Total RNA was isolated from using TRIzol Reagent according to the manufacturer’s protocol (Thermo Fisher Scientific). Concentration of RNA was measured using Nanodrop. Genomic DNA was removed using DNase treatment. The Superscript II system (Thermo Fisher Scientific) and oligo dT primers (125 μM) were used to generate cDNA, and expression levels of different genes were assessed with qPCR using the LightCycler 2.0 Real-Time PCR system (Roche Life Science). Primer pairs spanned at least one intron, and they are listed in Supplementary Table 1. The qPCR reaction was performed with LightCycler 480 SYBR Green I Master (Roche), primers (1 μM) and cDNA (equivalent to 5 ng RNA). The amplification protocol consisted of 5 min 95 °C followed by 45 cycles of 10 s 95 °C, 20 s 60 °C, and 20 s 72 °C. Data was analyzed using LinRegPCR79. We used two reference genes per experiment based on literature to normalize gene expression (Hprt, Ppia, Rpl4, and Rpl32)52.

Cell culture and Luciferase assay

Primers were designed for selected AF variants to amplify fragments of 400-900 bp (For primers, see Suppl. Table 1) on DNA heterozygous for the selected variant. The pGL2-Promoter Vector (Promega) was linearized with XcmI (New England Biolabs) to create a T-overhang and agarose-gel isolated. PCR products containing both alleles of the selected variants were ligated using TA-cloning to the pGL2-Promoter Vector. Recombinant plasmid DNA was purified with the PureLink Quick Plasmid Miniprep kit (Thermo Fisher Scientific). Plasmids that were identical except for the different alleles of the variant were selected using Sanger sequencing.

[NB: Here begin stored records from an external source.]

(* Let $P$ be a convex polytope in $\mathbb{R}^D$ with vertices in $\mathbb{Z}^D$. Let $r>0$, and fix a set $F_r \subset B_r(nP)$. Let $A$ be chosen uniformly at random from all subsets $S\subset L(nP)$ such that $S\cap B_r(nP) = F_r$, and let $\mathbf{k}\in M_r(nP+nP)$. Then, for some constant $c > 0$ independent of $n$, $$\mathbb{P}[\mathbf{k} \notin A+A]\ \le\ c \left( \tfrac34 \right)^{ \left| L (nP \cap (\mathbf{k} - nP)) \right|/2}.$$
   Context: For $S \subset \mathbb{R}^D$, $L(S) = S\cap \mathbb{Z}^D$, and $nS$ is the dilation of $S$ by $n$ about the origin; $\mathbf{k}-nP = \{\mathbf{k}-\mathbf{x}:\mathbf{x}\in nP\}$. For a convex polytope $Q$ and $r>0$, $B_r(Q) = \{\mathbf{q}\in L(Q) : d(\mathbf{q},\mathbf{v})\le r \text{ for some vertex } \mathbf{v} \text{ of } Q\}$, with $d$ the Euclidean metric, and $M_r(Q) = L(Q)\setminus B_r(Q)$. For a set $A$, $A+A=\{a_1+a_2: a_1,a_2\in A\}$. *)

From HB Require Import structures.
From mathcomp Require Import all_boot all_order all_algebra.
From mathcomp Require Import finmap.
From mathcomp Require Import boolp classical_sets reals exp.
Set Implicit Arguments. Unset Strict Implicit. Unset Printing Implicit Defensive.
Import Order.TTheory GRing.Theory Num.Theory.
Local Open Scope ring_scope.
Local Open Scope classical_set_scope.

Section Defs.
Variables (R : realType) (D : nat).
Notation vec := 'rV[R]_D.

Definition zr (z : 'rV[int]_D) : vec := map_mx (fun a : int => a%:~R) z.

Definition conv (m : nat) (V : 'I_m -> vec) : set vec :=
  [set x | exists lam : 'I_m -> R, (forall i, 0 <= lam i) /\
     \sum_i lam i = 1 /\ x = \sum_i lam i *: V i].

Definition is_vertex (Q : set vec) (v : vec) : Prop :=
  Q v /\ forall x y (t : R), Q x -> Q y -> 0 < t < 1 ->
    v = t *: x + (1 - t) *: y -> x = y.

Definition dil (n : nat) (S : set vec) : set vec := [set n%:R *: x | x in S].

Definition msum (S T : set vec) : set vec :=
  [set z | exists x y, S x /\ T y /\ z = x + y].

Definition refl (k : vec) (S : set vec) : set vec := [set k - x | x in S].

Definition dist (x y : vec) : R := Num.sqrt (\sum_i (x ord0 i - y ord0 i) ^+ 2).

Definition near_vertex (r : R) (Q : set vec) (q : vec) : Prop :=
  exists v, is_vertex Q v /\ dist q v <= r.

(* M_r(Q) membership for an integer point k:  k in L(Q) \ B_r(Q) *)
Definition in_M (r : R) (Q : set vec) (k : 'rV[int]_D) : Prop :=
  Q (zr k) /\ ~ near_vertex r Q (zr k).

(* B_r(Q) as a finite set, given the finite set LQ = L(Q) *)
Definition Bset (r : R) (Q : set vec) (LQ : {fset 'rV[int]_D}) : {fset 'rV[int]_D} :=
  [fset z in LQ | `[< near_vertex r Q (zr z) >]]%fset.

Definition in_sumset (S : {fset 'rV[int]_D}) (k : 'rV[int]_D) : bool :=
  [exists a : S, exists b : S, (val a + val b == k)%R].

End Defs.

Arguments zr {R D} z.
Arguments conv {R D m} V.
Arguments is_vertex {R D} Q v.
Arguments dil {R D} n S.
Arguments msum {R D} S T.
Arguments refl {R D} k S.
Arguments dist {R D} x y.
Arguments near_vertex {R D} r Q q.
Arguments in_M {R D} r Q k.
Arguments Bset {R D} r Q LQ.
Arguments in_sumset {D} S k.

(* The points z of L(nP) with k - z in L(nP) come in pairs {z, k - z}. Outside B_r(nP)
   the points belong to A independently with probability 1/2, and k lies in A + A as soon
   as both points of one pair do; the pairs avoiding B_r(nP) are disjoint, so
   P[k \notin A + A] <= (3/4)^h with h their number. Every point of B_r(nP) is an integer
   point within distance r of some n V_i, so |B_r(nP)| <= K with K independent of n; hence
   2h >= |L(nP \cap (k - nP))| - 2K - 2 and c = (4/3)^(K+1) works. *)

From HB Require Import structures.
From mathcomp Require Import all_boot all_order all_algebra.
From mathcomp Require Import finmap.
From mathcomp Require Import boolp classical_sets reals exp.
From mathcomp Require Import zify ring lra.
Import Order.TTheory GRing.Theory Num.Theory.
Local Open Scope ring_scope.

iAM-1 cells were plated at a cell density of 4 × 104 cells per cm2 and cultured as described60. At day 0 of cardiomyogenic differentiation, 500 ng pGL2-Promoter Vector DNA as well as 25 ng pRL-TK Renilla vector (Promega) as normalization control was transfected into the cells in triplo in a 24-well plate using Lipofectamine 3000 (Thermo Fisher Scientific). At day 9 of cardiomyogenic differentiation the cells were harvested. Luciferase measurements were performed on a Promega Turner Biosystems Modulus Multimode Reader luminometer.

Data processing and statistical analyses

For data processing of expression data and differential expression analysis, see Supplementary Methods. For both qPCR and luciferase experiments, data was statistically tested using a two-tailed Student’s t-test.

Reporting summary

Further information on research design is available in the Nature Research Reporting Summary linked to this article.